━━ Provided records ━━
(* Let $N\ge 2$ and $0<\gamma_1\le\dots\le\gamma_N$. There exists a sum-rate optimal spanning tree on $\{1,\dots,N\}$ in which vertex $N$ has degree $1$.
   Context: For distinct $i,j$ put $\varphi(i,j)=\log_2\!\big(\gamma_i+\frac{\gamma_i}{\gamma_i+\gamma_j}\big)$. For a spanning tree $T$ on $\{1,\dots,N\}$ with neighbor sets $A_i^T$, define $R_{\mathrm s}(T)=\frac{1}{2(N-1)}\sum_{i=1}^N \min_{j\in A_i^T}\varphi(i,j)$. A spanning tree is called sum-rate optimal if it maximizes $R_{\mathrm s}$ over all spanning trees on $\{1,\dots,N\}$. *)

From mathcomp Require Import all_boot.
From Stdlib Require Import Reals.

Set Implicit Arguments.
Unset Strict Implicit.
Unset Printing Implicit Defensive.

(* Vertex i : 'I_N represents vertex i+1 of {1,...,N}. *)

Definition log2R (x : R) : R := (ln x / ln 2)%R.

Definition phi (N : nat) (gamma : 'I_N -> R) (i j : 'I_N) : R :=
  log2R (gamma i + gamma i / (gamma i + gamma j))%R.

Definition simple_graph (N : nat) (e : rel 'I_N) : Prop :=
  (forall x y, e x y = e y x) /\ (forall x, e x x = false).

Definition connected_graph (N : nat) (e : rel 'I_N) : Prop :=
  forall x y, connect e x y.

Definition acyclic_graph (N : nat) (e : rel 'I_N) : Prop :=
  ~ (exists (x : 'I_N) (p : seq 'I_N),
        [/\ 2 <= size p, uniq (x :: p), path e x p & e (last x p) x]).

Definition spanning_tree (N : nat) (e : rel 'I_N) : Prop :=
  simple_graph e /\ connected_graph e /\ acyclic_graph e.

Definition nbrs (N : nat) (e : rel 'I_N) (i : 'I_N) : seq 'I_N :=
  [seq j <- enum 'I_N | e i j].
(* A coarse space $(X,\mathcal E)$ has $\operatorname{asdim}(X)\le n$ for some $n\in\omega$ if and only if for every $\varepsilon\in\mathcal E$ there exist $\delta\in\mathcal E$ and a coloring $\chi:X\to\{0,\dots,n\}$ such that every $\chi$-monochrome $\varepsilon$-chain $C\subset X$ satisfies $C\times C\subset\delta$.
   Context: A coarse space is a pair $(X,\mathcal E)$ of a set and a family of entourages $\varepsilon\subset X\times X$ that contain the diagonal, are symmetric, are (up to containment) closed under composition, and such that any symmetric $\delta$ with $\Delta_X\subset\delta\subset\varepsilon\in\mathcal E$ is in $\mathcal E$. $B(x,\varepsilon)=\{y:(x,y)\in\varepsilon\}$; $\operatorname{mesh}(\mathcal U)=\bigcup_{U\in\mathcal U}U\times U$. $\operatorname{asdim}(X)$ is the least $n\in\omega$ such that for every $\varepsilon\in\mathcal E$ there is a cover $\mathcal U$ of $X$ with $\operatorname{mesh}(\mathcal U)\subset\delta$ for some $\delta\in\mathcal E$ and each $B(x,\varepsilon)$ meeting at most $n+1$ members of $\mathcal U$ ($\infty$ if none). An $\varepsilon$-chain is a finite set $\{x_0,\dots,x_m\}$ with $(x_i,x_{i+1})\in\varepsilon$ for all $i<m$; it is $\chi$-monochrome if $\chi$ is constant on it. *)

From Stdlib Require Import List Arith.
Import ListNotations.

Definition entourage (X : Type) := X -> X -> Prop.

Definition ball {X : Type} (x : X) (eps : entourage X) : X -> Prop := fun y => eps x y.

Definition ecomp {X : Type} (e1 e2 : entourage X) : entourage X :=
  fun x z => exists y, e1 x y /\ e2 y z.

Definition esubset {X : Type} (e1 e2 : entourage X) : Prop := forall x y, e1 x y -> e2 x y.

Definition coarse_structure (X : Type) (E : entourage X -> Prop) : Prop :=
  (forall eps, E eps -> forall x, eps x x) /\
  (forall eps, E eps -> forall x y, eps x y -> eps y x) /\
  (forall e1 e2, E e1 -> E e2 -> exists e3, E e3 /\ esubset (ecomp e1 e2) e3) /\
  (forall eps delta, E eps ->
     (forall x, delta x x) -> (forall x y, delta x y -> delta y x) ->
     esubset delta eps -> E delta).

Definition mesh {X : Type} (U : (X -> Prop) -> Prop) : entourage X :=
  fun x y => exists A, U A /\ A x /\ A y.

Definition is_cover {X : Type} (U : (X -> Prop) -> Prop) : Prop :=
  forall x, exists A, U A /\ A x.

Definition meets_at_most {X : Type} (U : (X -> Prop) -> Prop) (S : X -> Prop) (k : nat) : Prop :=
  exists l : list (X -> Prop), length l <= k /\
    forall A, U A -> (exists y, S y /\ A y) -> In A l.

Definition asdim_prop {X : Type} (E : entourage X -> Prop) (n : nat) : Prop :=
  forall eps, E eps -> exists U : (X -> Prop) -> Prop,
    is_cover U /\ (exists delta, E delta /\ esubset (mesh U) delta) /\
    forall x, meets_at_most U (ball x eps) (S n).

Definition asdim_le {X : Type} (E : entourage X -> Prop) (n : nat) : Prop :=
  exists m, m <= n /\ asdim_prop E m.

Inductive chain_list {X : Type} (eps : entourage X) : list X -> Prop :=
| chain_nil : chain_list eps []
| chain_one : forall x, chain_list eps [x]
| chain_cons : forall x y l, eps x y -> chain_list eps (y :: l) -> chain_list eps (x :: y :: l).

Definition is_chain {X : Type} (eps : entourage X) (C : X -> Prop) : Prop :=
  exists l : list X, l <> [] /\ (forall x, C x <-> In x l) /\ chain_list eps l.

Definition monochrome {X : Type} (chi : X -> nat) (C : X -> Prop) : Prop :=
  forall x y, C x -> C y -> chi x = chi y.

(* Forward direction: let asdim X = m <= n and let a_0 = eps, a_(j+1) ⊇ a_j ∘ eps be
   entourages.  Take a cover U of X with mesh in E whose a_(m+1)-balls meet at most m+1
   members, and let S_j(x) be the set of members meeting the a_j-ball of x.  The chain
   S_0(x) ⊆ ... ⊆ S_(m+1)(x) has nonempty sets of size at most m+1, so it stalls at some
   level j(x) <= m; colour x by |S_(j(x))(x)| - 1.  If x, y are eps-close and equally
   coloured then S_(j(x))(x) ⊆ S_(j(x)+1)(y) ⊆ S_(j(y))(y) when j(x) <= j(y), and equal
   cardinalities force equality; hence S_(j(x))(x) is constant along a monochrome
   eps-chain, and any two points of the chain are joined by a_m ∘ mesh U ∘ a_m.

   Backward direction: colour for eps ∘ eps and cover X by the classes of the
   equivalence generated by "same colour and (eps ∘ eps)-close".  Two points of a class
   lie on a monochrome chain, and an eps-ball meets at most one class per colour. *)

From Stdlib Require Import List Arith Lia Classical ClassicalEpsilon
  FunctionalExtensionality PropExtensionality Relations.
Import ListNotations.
━━━
**Work request**
Starting at the line that has "forall x, exists A, U A /\ A x." and ending at the line that has "equivalence generated by", please write out the lines above exactly, leaving out all others.

**The answer**
  forall x, exists A, U A /\ A x.

Definition meets_at_most {X : Type} (U : (X -> Prop) -> Prop) (S : X -> Prop) (k : nat) : Prop :=
  exists l : list (X -> Prop), length l <= k /\
    forall A, U A -> (exists y, S y /\ A y) -> In A l.

Definition asdim_prop {X : Type} (E : entourage X -> Prop) (n : nat) : Prop :=
  forall eps, E eps -> exists U : (X -> Prop) -> Prop,
    is_cover U /\ (exists delta, E delta /\ esubset (mesh U) delta) /\
    forall x, meets_at_most U (ball x eps) (S n).

Definition asdim_le {X : Type} (E : entourage X -> Prop) (n : nat) : Prop :=
  exists m, m <= n /\ asdim_prop E m.

Inductive chain_list {X : Type} (eps : entourage X) : list X -> Prop :=
| chain_nil : chain_list eps []
| chain_one : forall x, chain_list eps [x]
| chain_cons : forall x y l, eps x y -> chain_list eps (y :: l) -> chain_list eps (x :: y :: l).

Definition is_chain {X : Type} (eps : entourage X) (C : X -> Prop) : Prop :=
  exists l : list X, l <> [] /\ (forall x, C x <-> In x l) /\ chain_list eps l.

Definition monochrome {X : Type} (chi : X -> nat) (C : X -> Prop) : Prop :=
  forall x y, C x -> C y -> chi x = chi y.

(* Forward direction: let asdim X = m <= n and let a_0 = eps, a_(j+1) ⊇ a_j ∘ eps be
   entourages.  Take a cover U of X with mesh in E whose a_(m+1)-balls meet at most m+1
   members, and let S_j(x) be the set of members meeting the a_j-ball of x.  The chain
   S_0(x) ⊆ ... ⊆ S_(m+1)(x) has nonempty sets of size at most m+1, so it stalls at some
   level j(x) <= m; colour x by |S_(j(x))(x)| - 1.  If x, y are eps-close and equally
   coloured then S_(j(x))(x) ⊆ S_(j(x)+1)(y) ⊆ S_(j(y))(y) when j(x) <= j(y), and equal
   cardinalities force equality; hence S_(j(x))(x) is constant along a monochrome
   eps-chain, and any two points of the chain are joined by a_m ∘ mesh U ∘ a_m.

   Backward direction: colour for eps ∘ eps and cover X by the classes of the
   equivalence generated by "same colour and (eps ∘ eps)-close".  Two points of a class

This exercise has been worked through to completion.